→ **Exercise description**
Where the records below reach the line containing "false :: horiz_pattern", start transcribing, and end with the line containing "Proof. by elim: vs v => [|u vs IHvs] v //=;", exactly and with nothing else added.

→ **Input data**
Lemma horiz_pattern_ones b n a : horiz_pattern b (nseq n 1 ++ a) = nseq n b ++ horiz_pattern b a.
Proof. by elim: n => //= n IHn; rewrite !addbF IHn. Qed.

Lemma cons_nseq_cat (T : Type) (x : T) n s : x :: nseq n x ++ x :: s = nseq n.+2 x ++ s.
Proof. by elim: n => //= n [->]. Qed.

Lemma horiz_pattern_cf_blocks v vs : 0 < v -> all (fun u => 0 < u) vs ->
  false :: horiz_pattern false (cf_blocks v vs) = rcons (alt_signs false (run_lengths v vs)) true.
Proof.
elim: vs v => [|u vs IHvs] v v_gt0 /=; rewrite horiz_pattern_ones.
all: have -> : 2 * v = (2 * (v - 1)).+2 by lia.
  by rewrite [horiz_pattern _ _]/= cats0 cons_nseq_cat cats1.
case/andP=> u_gt0 vs_gt0; rewrite [horiz_pattern _ (_ :: _)]/= cons_nseq_cat.
by rewrite rcons_cat /= -(IHvs u).
Qed.

Lemma size_run_lengths v vs : size (run_lengths v vs) = (2 * size vs).+1.
Proof. by elim: vs v => [|u vs IHvs] v //=; rewrite IHvs mulnS. Qed.

Lemma nth_run_lengths_even v vs k : k <= size vs ->
  nth 0 (run_lengths v vs) (2 * k) = 2 * nth 0 (v :: vs) k.
Proof. by elim: vs v k => [|u vs IHvs] v [|k] // le_k; rewrite mulnS add2n /= IHvs. Qed.

Lemma nth_run_lengths_odd v vs k : k < size vs -> nth 0 (run_lengths v vs) (2 * k).+1 = 2.
Proof. by elim: vs v k => [|u vs IHvs] v [|k] // lt_k; rewrite mulnS add2n /= IHvs. Qed.

Lemma run_lengths_gt0 v vs :
  all (fun u => 0 < u) (v :: vs) -> all (fun x => 0 < x) (run_lengths v vs).
Proof.
elim: vs v => [|u vs IHvs] v /andP [v_gt0 vs_gt0] /=; rewrite muln_gt0 v_gt0 //=.
exact: IHvs.
Qed.

Lemma odd_sumn_run_lengths v vs : odd (sumn (run_lengths v vs)) = false.
Proof. by elim: vs v => [|u vs IHvs] v; rewrite /= !oddD ?IHvs; case: (odd v). Qed.

Lemma rev_run_lengths v vs : rev (v :: vs) = v :: vs -> rev (run_lengths v vs) = run_lengths v vs.
Proof.
move=> pal_vs; have size_runs := size_run_lengths v vs.
apply: (@eq_from_nth _ 0) => [|m]; first by rewrite size_rev.
rewrite size_rev size_runs => lt_m; rewrite nth_rev size_runs //.
have [k [m_k | m_k]] : exists k, m = 2 * k \/ m = (2 * k).+1.
  exists m./2; have := odd_double_half m; rewrite -mul2n.
  by case: (odd m) => /= ?; [right | left]; lia.
- rewrite m_k in lt_m *; have le_k : k <= size vs by lia.
  rewrite (_ : _ - _ = 2 * (size vs - k)); last by lia.
  rewrite !nth_run_lengths_even ?leq_subr // -{1}pal_vs nth_rev /=; last by lia.
  by congr (2 * nth _ _ _); lia.
- rewrite m_k in lt_m *; have lt_k : k < size vs by lia.
  by rewrite (_ : _ - _ = (2 * (size vs - k.+1)).+1) ?nth_run_lengths_odd //; lia.
Qed.

Lemma count_even_iota n : count (fun m => ~~ odd m) (iota 0 (2 * n).+1) = n.+1.
Proof.
elim: n => // n IHn.
rewrite (_ : (2 * n.+1).+1 = (2 * n).+1 + 2) ?iotaD ?count_cat ?IHn; last by lia.
by rewrite /= oddM /=; lia.
Qed.

Lemma count_odd_iota n : count odd (iota 0 (2 * n).+1) = n.
Proof.
have := count_predC odd (iota 0 (2 * n).+1).
by rewrite size_iota -[count (predC odd) _]/(count (fun m => ~~ odd m) _) count_even_iota; lia.
Qed.

Lemma seg_tiles_run rs m : m < size rs -> seg_tiles (psum rs m, psum rs m.+1) = (nth 0 rs m).+1.
Proof. by move=> lt_m; rewrite /seg_tiles /= psumS // addKn addn1. Qed.

Section MarkovSnakeGraph.

Variables p q : nat.
Hypotheses (p_gt0 : 0 < p) (p_lt_q : p < q) (coprime_pq : coprime p q).

Local Notation v1 := (markov_v p q 1).
Local Notation vs := [seq markov_v p q i | i <- iota 2 p.-1].

Definition markov_runs : seq nat := run_lengths v1 vs.

Definition markov_dirs : seq bool := alt_signs false markov_runs.

Lemma markov_widthsE : v1 :: vs = [seq markov_v p q i | i <- iota 1 p].
Proof. by rewrite -[in iota 1 p](prednK p_gt0). Qed.

Lemma mem_markov_widths v : v \in v1 :: vs -> exists2 i, 0 < i <= p & v = markov_v p q i.
Proof. by rewrite markov_widthsE => /mapP [i]; rewrite mem_iota add1n ltnS => ? ->; exists i. Qed.

Lemma markov_widths_gt0 : all (fun v => 0 < v) (v1 :: vs).
Proof. by apply/allP => v /mem_markov_widths [i le_ip ->]; apply: markov_v_gt0. Qed.

Lemma rev_markov_widths : rev (v1 :: vs) = v1 :: vs.
Proof.
rewrite markov_widthsE; apply: (@eq_from_nth _ 0) => [|k]; first by rewrite size_rev.
rewrite size_rev size_map size_iota => lt_kp.
rewrite nth_rev ?size_map ?size_iota // !(nth_map 0) ?size_iota ?nth_iota; try lia.
by rewrite -markov_v_sym //; [congr markov_v | ]; lia.
Qed.

Lemma markov_runs_gt0 : all (fun x => 0 < x) markov_runs.
Proof. exact: run_lengths_gt0 markov_widths_gt0. Qed.

Lemma size_markov_runs : size markov_runs = (2 * (p - 1)).+1.
Proof. by rewrite size_run_lengths size_map size_iota subn1. Qed.

Lemma horiz_pattern_markov_cf : horiz_pattern true (markov_cf p q) = horiz_edges markov_dirs true.
Proof.
have /andP [v1_gt0 vs_gt0] := markov_widths_gt0.
by rewrite markov_cfE //= horiz_pattern_cf_blocks.
Qed.

Lemma markov_dirs_snakeG : is_snakeG (markov_cf p q) markov_dirs.
Proof.
apply: (@horiz_is_snakeG _ _ true).
- by rewrite markov_cfE //= cf_blocks_gt0.
- by rewrite -(size_horiz_pattern true) horiz_pattern_markov_cf size_horiz_edges.
- by rewrite horiz_pattern_markov_cf.
Qed.

Lemma snakeG_markov_dirs dirs : is_snakeG (markov_cf p q) dirs -> dirs = markov_dirs.
Proof.
case/snakeG_horiz_edges => lastN; rewrite horiz_pattern_markov_cf.
by case=> /rcons_inj [].
Qed.

Lemma markov_dirs_rot_symmetric : rot_symmetric_at_tile markov_dirs.
Proof.
apply: pal_rot_symmetric; last by rewrite size_alt_signs odd_sumn_run_lengths.
rewrite /markov_dirs rev_alt_signs /markov_runs size_run_lengths /= negbK oddM.
by rewrite rev_run_lengths //; apply: rev_markov_widths.
Qed.

Lemma size_markov_segments b :
  size (segments b markov_dirs) = count (fun m => odd m == b) (iota 0 (size markov_runs)).
Proof.
by rewrite (perm_size (perm_segments_alt_signs false markov_runs_gt0 b)) size_map size_filter.
Qed.

Lemma size_markov_hsegments : size (hsegments markov_dirs) = p.
Proof.
rewrite /hsegments size_markov_segments size_markov_runs.
rewrite (eq_count (a2 := fun m => ~~ odd m)) => [|m]; last exact: eqbF_neg.
by rewrite count_even_iota subn1 prednK.
Qed.

Lemma size_markov_vsegments : size (vsegments markov_dirs) = p - 1.
Proof.
rewrite /vsegments size_markov_segments size_markov_runs.
by rewrite (eq_count (a2 := odd)) ?count_odd_iota // => m; rewrite eqb_id.
Qed.

Lemma mem_markov_segments b jk : jk \in segments b markov_dirs ->
  exists2 m, (m < size markov_runs) && (odd m == b) & seg_tiles jk = (nth 0 markov_runs m).+1.
Proof.
rewrite (perm_mem (perm_segments_alt_signs false markov_runs_gt0 b)).
case/mapP=> m; rewrite mem_filter mem_iota add0n /= => /andP [odd_m lt_m] ->.
by exists m; [rewrite lt_m | rewrite seg_tiles_run].
Qed.

Lemma seg_tiles_markov_vsegments jk : jk \in vsegments markov_dirs -> seg_tiles jk = 3.
Proof.
case/mem_markov_segments => m /andP [lt_m /eqP odd_m] ->.
have m_k : m = (2 * m./2).+1 by rewrite -[LHS]odd_double_half odd_m -mul2n.
have lt_k : m./2 < size vs by move: lt_m; rewrite size_markov_runs size_map size_iota; lia.
by rewrite m_k nth_run_lengths_odd.
Qed.

Lemma seg_tiles_markov_hsegments jk : jk \in hsegments markov_dirs ->
  exists2 i, 0 < i <= p & seg_tiles jk = 2 * (markov_v p q i - 1) + 3.
Proof.
case/mem_markov_segments => m /andP [lt_m /eqP even_m] ->.
have m_k : m = 2 * m./2 by rewrite -[LHS]odd_double_half even_m -mul2n.
have le_k : m./2 <= size vs by move: lt_m; rewrite size_markov_runs size_map size_iota; lia.
have v_in : nth 0 (v1 :: vs) m./2 \in v1 :: vs by apply: mem_nth.
have [i le_ip v_i] := mem_markov_widths v_in; exists i => //.
have := markov_v_gt0 p_gt0 p_lt_q coprime_pq le_ip.
by rewrite /markov_runs m_k nth_run_lengths_even // v_i; lia.
Qed.

End MarkovSnakeGraph.

Theorem corollary4p2 (p q : nat) :
  0 < p -> p < q -> coprime p q ->
  (exists dirs, is_snakeG (markov_cf p q) dirs) /\
  forall dirs, is_snakeG (markov_cf p q) dirs ->
    [/\ rot_symmetric_at_tile dirs,
        size (hsegments dirs) = p /\
        (exists nu : nat -> nat,
            [/\ forall i, i < p -> 0 < nu i,
                forall i j, i < p -> j < p -> i != j ->
                  (nu i <= nu j + 1) && (nu j <= nu i + 1)
              & forall i, i < p ->
                  seg_tiles (nth (0, 0) (hsegments dirs) i) = 2 * (nu i - 1) + 3])
      & size (vsegments dirs) = p - 1 /\
        (forall jk, jk \in vsegments dirs -> seg_tiles jk = 3)].
Proof.
move=> p_gt0 p_lt_q coprime_pq.
split; first by exists (markov_dirs p q); apply: markov_dirs_snakeG.
move=> dirs /snakeG_markov_dirs -> //; set hsegs := hsegments (markov_dirs p q).
have hseg_width i : i < p ->
    exists2 k, 0 < k <= p & seg_tiles (nth (0, 0) hsegs i) = 2 * (markov_v p q k - 1) + 3.
  by move=> lt_ip; apply: seg_tiles_markov_hsegments; rewrite // mem_nth ?size_markov_hsegments.
have width_gt0 k := markov_v_gt0 p_gt0 p_lt_q coprime_pq (i := k).
have width_bounds k := markov_v_bounds p_gt0 p_lt_q coprime_pq (i := k).
split; [exact: markov_dirs_rot_symmetric | split | split].
- exact: size_markov_hsegments.
- exists (fun i => (seg_tiles (nth (0, 0) hsegs i) - 1) %/ 2); split.
  + by move=> i /hseg_width [k /width_gt0 v_gt0 ->]; lia.
  + move=> i j /hseg_width [k /width_bounds/andP [lo hi] ->].
    move=> /hseg_width [l /width_bounds/andP [lo' hi'] ->] _.
    by apply/andP; split; lia.
  + by move=> i /hseg_width [k _ ->]; lia.
- exact: size_markov_vsegments.
- exact: seg_tiles_markov_vsegments.
Qed.
Lemma ea_kernel_support s s' : K s s' != 0 ->
  exists y, exists2 z, z \in worst_set s y & next_pop s y z = s'.
Proof.
apply: contra_neqP => no_move; rewrite ea_kernelE big1 // => i _.
rewrite big1 ?mulr0 // => y _; rewrite big1 ?mulr0 // => z z_worst.
by case: eqP => [next_eq | _]; [case: no_move; exists y, z | rewrite mulr0].
Qed.

Let mu_gt0 : (0 < mu)%N.
Proof. by apply: leq_trans mu_large; rewrite muln_gt0. Qed.

Lemma worst_set_gt0 s y : (0 < #|worst_set s y|)%N.
Proof.
pose worst k := cleared_popstar kappa fit srt s y (lift ord_max k).
have [k _ k_min] := arg_minP worst (erefl : predT (Ordinal mu_gt0)).
by apply/card_gt0P; exists k; rewrite inE; apply/forallP => k'; apply: k_min.
Qed.

Lemma card_missing_next_pop s y z : ~~ all_niches s -> z \in worst_set s y ->
  (#|missing_niches (next_pop s y z)| + ~~ has_niche s (ones y) <= #|missing_niches s|)%N.
Proof.
move=> s_missing z_worst.
have next_sub : missing_niches (next_pop s y z) \subset missing_niches s.
  apply/fintype.subsetP => v; rewrite !inE; apply: contra.
  exact: (has_niche_next_pop fit_gt0 kappa_gt0 mu_large s_missing z_worst (v := v)).
have [_ | y_new] := boolP (has_niche s (ones y)); first by rewrite addn0 subset_leq_card.
rewrite addn1; apply: proper_card; rewrite properE next_sub /=.
apply/fintype.subsetPn; exists (inord (ones y)); rewrite !inE inordK ?ltnS ?ones_le //.
by rewrite negbK (has_niche_offspring fit_gt0 kappa_gt0 mu_large s_missing z_worst).
Qed.

Lemma expected_potential_from_parent s i : ~~ all_niches s ->
  \sum_y mut_prob R (s i) y * \sum_(z in worst_set s y)
      #|worst_set s y|%:R^-1 * niche_potential R (next_pop s y z)
    <= niche_potential R s -
       (8 * mu)%:R * \sum_(y | ~~ has_niche s (ones y)) mut_prob R (s i) y.
Proof.
move=> s_missing; set h := niche_potential R s; set c : R := (8 * mu)%:R.
pose new (y : bits n) : R := (~~ has_niche s (ones y))%:R.
have next_le y z :
    z \in worst_set s y -> niche_potential R (next_pop s y z) <= h - c * new y.
  move=> z_worst; rewrite lerBrDr /niche_potential /c /new -!natrM -natrD ler_nat.
  by rewrite -mulnDr leq_mul2l card_missing_next_pop ?orbT.
have -> : h - c * \sum_(y | ~~ has_niche s (ones y)) mut_prob R (s i) y =
    \sum_y mut_prob R (s i) y * (h - c * new y).
  apply/esym; under eq_bigr do rewrite mulrBr mulrCA.
  rewrite sumrB -mulr_suml mut_prob_sum1 mul1r -mulr_sumr [in RHS]big_mkcond.
  congr (_ - c * _); apply: eq_bigr => y _.
  by rewrite /new; case: has_niche; rewrite ?mulr1 ?mulr0.
apply: ler_sum => y _; rewrite ler_wpM2l ?mut_prob_ge0 // avg_le ?worst_set_gt0 //.
exact: next_le.
Qed.

Lemma niche_potential_drift s : (0 < n)%N ->
  has_niche s 0 -> has_niche s n -> ~~ all_niches s ->
  \sum_s' K s s' * niche_potential R s' <= niche_potential R s - 1.
Proof.
move=> n_gt0 has0 hasn s_missing; set h := niche_potential R s.
pose discovery i := \sum_(y | ~~ has_niche s (ones y)) mut_prob R (s i) y.
have [i0 discovery_i0] := exists_discovering_parent R n_gt0 has0 hasn s_missing.
have discovery_ge : 8^-1 <= \sum_i discovery i.
  rewrite (bigD1 i0) //= -[X in X <= _]addr0 lerD // sumr_ge0 // => i _.
  by apply: sumr_ge0 => y _; apply: mut_prob_ge0.
rewrite ea_kernel_expectation.
apply: le_trans (_ : \sum_i mu%:R^-1 * (h - (8 * mu)%:R * discovery i) <= _).
  apply: ler_sum => i _; rewrite ler_wpM2l ?invr_ge0 ?ler0n //.
  exact: expected_potential_from_parent.
rewrite -mulr_sumr sumrB sumr_const card_ord -mulr_sumr -[h *+ mu]mulr_natr natrM.
have -> : mu%:R^-1 * (h * mu%:R - 8%:R * mu%:R * \sum_i discovery i) =
    h - 8 * \sum_i discovery i :> R.
  by field; rewrite pnatr_eq0 -lt0n mu_gt0.
by nra.
Qed.

End NicheDrift.

Theorem lemma3 (R : realType) :
  exists (C : R) (n0 : nat),
  forall (n : nat) (u : nat -> R) (kappa mu : nat)
         (srt : {ffun 'I_mu.+1 -> bits n} -> {perm 'I_mu.+1})
         (P0 : pop n mu),
    (n0 <= n)%N ->
    (forall i, (i <= n)%N -> 0 < u i) ->
    (1 <= kappa)%N ->
    (n.+1 * kappa <= mu)%N ->
    sorts_by_fitness (fun x => u (ones x)) srt ->
    (exists k, P0 k = zeros_str n) ->
    (exists k, P0 k = ones_str n) ->
    (expected_hitting_time
       (ea_kernel (fun x => u (ones x)) (@pheno_dist n) 1 kappa srt)
       (@all_niches n mu) P0
     <= (C * mu%:R * n%:R)%:E)%E.
Proof.
(* The argument works for every sorting permutation. *)
exists 16, 1%N => n u kappa mu srt P0 n_gt0 u_gt0 kappa_gt0 mu_large _.
move=> [k0 P0_k0] [k1 P0_k1].
have fit_gt0 (x : bits n) : 0 < u (ones x) by apply/u_gt0/ones_le.
pose extremes (s : pop n mu) := has_niche s 0 && has_niche s n.
apply: le_trans (expected_hitting_time_le (inv := extremes)
  (h := @niche_potential R n mu) _ _ _ _ _) _.
- exact: ea_kernel_ge0.
- by move=> s; rewrite ler0n.
- move=> s s' /andP [has0 hasn] s_missing /ea_kernel_support [y [z z_worst <-]].
  by rewrite /extremes !(has_niche_next_pop fit_gt0 kappa_gt0 mu_large s_missing z_worst).
- by move=> s /andP [has0 hasn]; apply: niche_potential_drift.
- by apply/andP; split; apply/existsP; [exists k0 | exists k1];
    rewrite ?P0_k0 ?P0_k1 ?ones_zeros_str ?ones_ones_str.
rewrite lee_fin /niche_potential -[16]/(16%:R) -!natrM ler_nat.
have := max_card (missing_niches P0); rewrite card_ord; nia.
Qed.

→ **Problem solution**
  false :: horiz_pattern false (cf_blocks v vs) = rcons (alt_signs false (run_lengths v vs)) true.
Proof.
elim: vs v => [|u vs IHvs] v v_gt0 /=; rewrite horiz_pattern_ones.
all: have -> : 2 * v = (2 * (v - 1)).+2 by lia.
  by rewrite [horiz_pattern _ _]/= cats0 cons_nseq_cat cats1.
case/andP=> u_gt0 vs_gt0; rewrite [horiz_pattern _ (_ :: _)]/= cons_nseq_cat.
by rewrite rcons_cat /= -(IHvs u).
Qed.

Lemma size_run_lengths v vs : size (run_lengths v vs) = (2 * size vs).+1.
Proof. by elim: vs v => [|u vs IHvs] v //=; rewrite IHvs mulnS. Qed.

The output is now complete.